#### Information shown:

(* Otherwise the path closes a cycle of at least four cliques. *)
Lemma meets_path_head (R : {set {set T}}) y t q :
  R \subset F -> path (adjacent_in R) y t -> uniq (y :: t) ->
  q \in t -> meets y q -> q \in take 2 t.
Proof.
move=> /subsetP RF; case: t => [// | A t] yAt yAt_uniq; have /andP[yA At] := yAt.
rewrite inE => /predU1P[-> _ | qt yq]; first exact: mem_head.
rewrite /= inE; apply/orP; right.
have tR := adjacent_in_path_sub At; set j := index q t.
have jt : j < size t by rewrite index_mem.
have : size (take j.+1 t) <= 1.
  apply: (closing_path_short (A := A) (RF y _)).
  - by case/and3P: yA.
  - move=> B; rewrite inE => /predU1P[-> | /mem_take /tR /RF //].
    by apply: RF; case/and3P: yA.
  - exact: (take_uniq j.+3 yAt_uniq).
  - exact: adjacent_in_meets yA.
  - exact/(sub_path (@adjacent_in_meets _ R))/take_path.
  - by rewrite (last_nth set0) size_takel // /= nth_take // nth_index // /meets setIC.
rewrite size_takel // ltnS leqn0 => /eqP j0.
by rewrite -(nth_index set0 qt) -/j j0; case: (t) jt => // B t0 _; exact: mem_head.
Qed.

Lemma maximal_path_neighbours P y t : closed (adjacent_in F) P -> y \in F :\: P ->
  path (adjacent_in (F :\: P)) y t -> uniq (y :: t) ->
  (forall z, adjacent_in (F :\: P) z y -> z \in y :: t) ->
  {in F, forall q, adjacent y q -> q \in take 2 t}.
Proof.
move=> P_closed yR yt yt_uniq y_max q qF yq; have /andP[yq_neq yq_meet] := yq.
suff qt : q \in t by exact: meets_path_head (subsetDl F P) yt yt_uniq qt yq_meet.
have qR : q \in F :\: P.
  have /setDP[yF ynP] := yR.
  by rewrite inE qF andbT -(P_closed y q) // /adjacent_in yF qF.
have : q \in y :: t.
  by apply: y_max; rewrite /adjacent_in qR yR /adjacent eq_sym yq_neq /meets setIC.
by rewrite inE eq_sym (negbTE yq_neq).
Qed.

#### What you are asked to do:
Every line from the one containing "- move=> B;" to the close of the records must be reproduced exactly. Include both ends and nothing more.

#### Worked solution:
  - move=> B; rewrite inE => /predU1P[-> | /mem_take /tR /RF //].
    by apply: RF; case/and3P: yA.
  - exact: (take_uniq j.+3 yAt_uniq).
  - exact: adjacent_in_meets yA.
  - exact/(sub_path (@adjacent_in_meets _ R))/take_path.
  - by rewrite (last_nth set0) size_takel // /= nth_take // nth_index // /meets setIC.
rewrite size_takel // ltnS leqn0 => /eqP j0.
by rewrite -(nth_index set0 qt) -/j j0; case: (t) jt => // B t0 _; exact: mem_head.
Qed.

Lemma maximal_path_neighbours P y t : closed (adjacent_in F) P -> y \in F :\: P ->
  path (adjacent_in (F :\: P)) y t -> uniq (y :: t) ->
  (forall z, adjacent_in (F :\: P) z y -> z \in y :: t) ->
  {in F, forall q, adjacent y q -> q \in take 2 t}.
Proof.
move=> P_closed yR yt yt_uniq y_max q qF yq; have /andP[yq_neq yq_meet] := yq.
suff qt : q \in t by exact: meets_path_head (subsetDl F P) yt yt_uniq qt yq_meet.
have qR : q \in F :\: P.
  have /setDP[yF ynP] := yR.
  by rewrite inE qF andbT -(P_closed y q) // /adjacent_in yF qF.
have : q \in y :: t.
  by apply: y_max; rewrite /adjacent_in qR yR /adjacent eq_sym yq_neq /meets setIC.
by rewrite inE eq_sym (negbTE yq_neq).
Qed.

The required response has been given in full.